Three gendarmes pursued the young man on July 19, 2016, when temperatures reached nearly 37C, pinning him down in an apartment, after which he told officers he was “having trouble breathing.”
He then fainted during the journey to a gendarmerie station, where he died.
’Probably’ not fatal
In 2023, French investigating magistrates dropped the case against the three gendarmes, in a ruling that was upheld on appeal in 2024.
They had been tasked with probing whether the three arresting officers used disproportionate force against Traore during a police operation targeting his brother, Bagui.
According to the magistrates, Traore’s death was caused by heatstroke that “probably” would not have been fatal without the officers’ intervention — though it concluded their actions were within legal bounds.

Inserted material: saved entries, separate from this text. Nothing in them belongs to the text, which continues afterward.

(* Let $p\ge1$ and $n>p$ be integers. Let $z$ be a real even eigenfunction of order $n$ with eigenvalue $\Lambda>0$, and write $$z=R+P,\qquad R(x)=\sum_{j=0}^{2p-1} r_j e^{i\lambda_j x},$$ where: - $\lambda_0,\dots,\lambda_{2p-1}$ are the distinct roots of $\lambda^{2p}=\Lambda$, and - $P$ is a polynomial. Then $R$ is even, so $R(x)=\rho(x^2)$ for a real-analytic function $\rho$. Moreover $$\rho^{(k)}(1)=0\qquad\text{for all }k\in\{n-p,\,n-p+1,\dots,n-1\}.$$
   Context: Fix an integer $p\ge1$. For an integer $k\ge p$ and real $\Lambda$, the differential operator on $[-1,1]$ is $$L^{2k}(\Lambda)=(-1)^k\frac{d^{2k}}{dx^{2k}}-\Lambda(-1)^{k-p}\frac{d^{2k-2p}}{dx^{2k-2p}}.$$ An eigenfunction of order $n$ with eigenvalue $\Lambda$ is a nonzero real $z\in C^{2n}[-1,1]$ such that: - $L^{2n}(\Lambda)z=0$ on $[-1,1]$, and - $z^{(j)}(\pm1)=0$ for $j=0,\dots,n-1$. Such $z$ is a linear combination of the exponentials $e^{i\lambda_j x}$ and a polynomial of degree at most $2n-2p-1$. *)

From Stdlib Require Import Reals Lra Lia.
Open Scope R_scope.

Definition Cplx := (R * R)%type.
Definition Cadd (u v : Cplx) : Cplx := (fst u + fst v, snd u + snd v).
Definition Cmul (u v : Cplx) : Cplx :=
  (fst u * fst v - snd u * snd v, fst u * snd v + snd u * fst v).
Definition Cone : Cplx := (1, 0).
Definition Czero : Cplx := (0, 0).
Fixpoint Cpow (u : Cplx) (k : nat) : Cplx :=
  match k with O => Cone | S k' => Cmul u (Cpow u k') end.
Fixpoint Csum (f : nat -> Cplx) (m : nat) : Cplx :=
  match m with O => Czero | S m' => Cadd (Csum f m') (f m') end.
(** e^{i lam x} for lam = a + i b and real x:  = e^{-b x} (cos (a x) + i sin (a x)). *)
Definition Cexpi (lam : Cplx) (x : R) : Cplx :=
  (exp (- snd lam * x) * cos (fst lam * x), exp (- snd lam * x) * sin (fst lam * x)).
Definition RtoC (t : R) : Cplx := (t, 0).

Definition Icl (x : R) : Prop := -1 <= x <= 1.

(** This encodes z in C^m[-1,1] with z^(k) = D k. *)
Definition Cm_derivs (z : R -> R) (m : nat) (D : nat -> R -> R) : Prop :=
  (forall x, Icl x -> D O x = z x) /\
  (forall k x, (k < m)%nat -> Icl x -> D_in (D k) (D (S k)) Icl x) /\
  (forall x, Icl x -> limit1_in (D m) Icl (D m x) x).

Definition eigenfunction (p nn : nat) (Lam : R) (z : R -> R) : Prop :=
  exists D : nat -> R -> R,
    Cm_derivs z (2 * nn) D /\
    (forall x, Icl x ->
       (-1) ^ nn * D (2 * nn)%nat x
       - Lam * (-1) ^ (nn - p) * D (2 * nn - 2 * p)%nat x = 0) /\
    (forall j, (j < nn)%nat -> D j 1 = 0 /\ D j (-1) = 0) /\
    (exists x, Icl x /\ z x <> 0).

Definition real_analytic (f : R -> R) : Prop :=
  forall t0, exists r a, 0 < r /\
    forall t, Rabs (t - t0) < r -> Pser a (t - t0) (f t).

Definition all_derivs (f : R -> R) (D : nat -> R -> R) : Prop :=
  (forall x, D O x = f x) /\
  (forall k x, derivable_pt_lim (D k) x (D (S k) x)).

(* Let Z = R + P be the extension of z to the whole line and alpha = (-1)^p Lam.
   Since lam_j^(2p) = Lam, the derivatives s_k = R^(k)(0) satisfy
   s_(k+2p) = alpha s_k, while z^(k)(0) = s_k + k! c_k with c_k = 0 for large k.
   So every linear relation among the z^(k)(0) that holds for all large k
   propagates back to all k: Im z = 0 gives Im s_k = 0, evenness gives
   Re s_(2i+1) = 0 = Re c_(2i+1), and L^(2n)(Lam) z = 0, i.e.
   z^(m+2p)(0) = alpha z^(m)(0) for m >= 2n-2p, gives Re c_m = 0 for
   m >= 2n-2p.  Being entire with geometrically growing derivatives, R is the
   sum of its Taylor series: it is real and even, R(x) = rho(x^2) with
   rho = sum_m s_(2m) t^m / (2m)!.  Finally z(x) = (rho + pi)(x^2) with pi a
   polynomial of degree < n - p, and the boundary conditions make z, hence
   (rho + pi)(t) = Re Z(sqrt t), flat to order n at 1. *)

From Coquelicot Require Import Coquelicot.
From Stdlib Require Import Reals Lra Lia Factorial.
Open Scope R_scope.
Set Bullet Behavior "Strict Subproofs".

(** * Complex arithmetic and finite sums *)

Lemma Cext (u v : Cplx) : fst u = fst v -> snd u = snd v -> u = v.
Proof. destruct u, v; simpl; intros; subst; reflexivity. Qed.

Ltac Cring := apply Cext; unfold Cadd, Cmul, Cone, Czero, RtoC; simpl; ring.

Lemma Cmul_assoc u v w : Cmul u (Cmul v w) = Cmul (Cmul u v) w.
Proof. Cring. Qed.
Lemma Cmul_comm u v : Cmul u v = Cmul v u.
Proof. Cring. Qed.

Lemma fst_Cmul_RtoC a u : fst (Cmul (RtoC a) u) = a * fst u.
Proof. unfold Cmul, RtoC; simpl; ring. Qed.
Lemma snd_Cmul_RtoC a u : snd (Cmul (RtoC a) u) = a * snd u.
Proof. unfold Cmul, RtoC; simpl; ring. Qed.

Lemma fst_Cmul_RtoC_r u a : fst (Cmul u (RtoC a)) = fst u * a.
Proof. unfold Cmul, RtoC; simpl; ring. Qed.

Lemma Cpow_add u a b : Cpow u (a + b) = Cmul (Cpow u a) (Cpow u b).
Proof. induction a as [|a IH]; simpl; [Cring | rewrite IH; apply Cmul_assoc]. Qed.

Lemma Cpow_mul_distr u v k : Cpow (Cmul u v) k = Cmul (Cpow u k) (Cpow v k).
Proof. induction k as [|k IH]; simpl; [|rewrite IH]; Cring. Qed.

Lemma Cpow_mul u a b : Cpow u (a * b) = Cpow (Cpow u a) b.
Proof.
  induction b as [|b IH]; [rewrite Nat.mul_0_r; reflexivity|].
  rewrite Nat.mul_succ_r, Cpow_add, IH. apply Cmul_comm.
Qed.

Lemma Cpow_RtoC x k : Cpow (RtoC x) k = RtoC (x ^ k).
Proof. induction k as [|k IH]; simpl; [|rewrite IH]; Cring. Qed.

Lemma Csum_ext f g m : (forall j, (j < m)%nat -> f j = g j) -> Csum f m = Csum g m.
Proof.
  induction m as [|m IH]; simpl; intros H; [reflexivity|].
  rewrite IH, H; [reflexivity | lia | intros; apply H; lia].
Qed.

Lemma Cmul_Csum u f m : Cmul u (Csum f m) = Csum (fun j => Cmul u (f j)) m.
Proof. induction m as [|m IH]; simpl; [|rewrite <- IH]; Cring. Qed.

Lemma Csum_single f m k : (forall j, j <> k -> f j = Czero) ->
  Csum f m = if (k <? m)%nat then f k else Czero.
Proof.
  intros H. induction m as [|m IH]; simpl; [reflexivity|]. rewrite IH.
  destruct (Nat.eq_dec m k) as [->|Hmk].
  - rewrite Nat.ltb_irrefl, (proj2 (Nat.ltb_lt k (S k))) by lia. Cring.
  - rewrite (H m Hmk). destruct (Nat.ltb_spec k m), (Nat.ltb_spec k (S m)); try lia; Cring.
Qed.

(** [rsum f m = f 0 + ... + f (m - 1)] has [m] terms, like [Csum] and unlike [sum_f_R0]. *)
Fixpoint rsum (f : nat -> R) (m : nat) : R :=
  match m with O => 0 | S m' => rsum f m' + f m' end.

Lemma rsum_ext f g m : (forall j, (j < m)%nat -> f j = g j) -> rsum f m = rsum g m.
Proof.
  induction m as [|m IH]; simpl; intros H; [reflexivity|].
  rewrite IH, H; [reflexivity | lia | intros; apply H; lia].
Qed.

Lemma rsum_le f g m : (forall j, (j < m)%nat -> f j <= g j) -> rsum f m <= rsum g m.
Proof.
  induction m as [|m IH]; simpl; intros H; [lra|].
  pose proof (IH (fun j Hj => H j ltac:(lia))). pose proof (H m ltac:(lia)). lra.
Qed.

Lemma rsum_nonneg f m : (forall j, 0 <= f j) -> 0 <= rsum f m.
Proof. intros H; induction m; simpl; [lra|]. specialize (H m). lra. Qed.

Lemma le_rsum f m j : (forall j, 0 <= f j) -> (j < m)%nat -> f j <= rsum f m.
Proof.
  intros H Hj. induction m as [|m IH]; simpl; [lia|].
  destruct (Nat.eq_dec j m) as [->|].
  - pose proof (rsum_nonneg f m H). lra.
  - pose proof (IH ltac:(lia)). specialize (H m). lra.
Qed.

Lemma rsum_scal a f m : rsum (fun j => a * f j) m = a * rsum f m.
Proof. induction m as [|m IH]; simpl; [|rewrite IH]; ring. Qed.

Lemma rsum_extend g M d : (forall m, (M <= m)%nat -> g m = 0) -> rsum g (M + d) = rsum g M.
Proof.
  intros H. induction d as [|d IH]; [rewrite Nat.add_0_r; reflexivity|].
  rewrite Nat.add_succ_r. cbn [rsum]. rewrite IH, (H (M + d)%nat) by lia. ring.
Qed.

His family however has accused the gendarmes of failing to help the young man, who was found by rescue services unconscious and handcuffed behind his back.
In their appeal, Traore’s family criticized the justice system for not carrying out a reconstitution of events as part of the investigation.
But prosecutors requested that the appeal be dismissed.
Internal investigations
Activists have repeatedly accused French police of violence and racism, but few cases make it to criminal court in France as most are dealt with internally.
In January, several thousand people protested in Paris over the death in custody of a Mauritanian immigrant worker, El Hacen Diarra, 35, who died after passing out at a police station following his violent arrest.
Paris police launched an internal investigation after video filmed by neighbors, shared on social media, showed a policeman punching what appears to be a man on the ground as another officer stands by and watches.
In 2024, a judge gave suspended jail sentences to three officers who inflicted irreversible rectal injuries to a black man, Theo Luhaka, during a stop-and-search in 2017.
Prosecutors have also called for a police officer to be tried over the 2023 killing of a teenager at a traffic stop, in a case that sparked nationwide protests.
A court is to rule in March whether he will face a criminal trial over the killing of 17-year-old Nahel M.
Europe’s top rights court in June condemned France over its police discriminating against a young man during identity checks, in the first such ruling against the country over alleged racial profiling.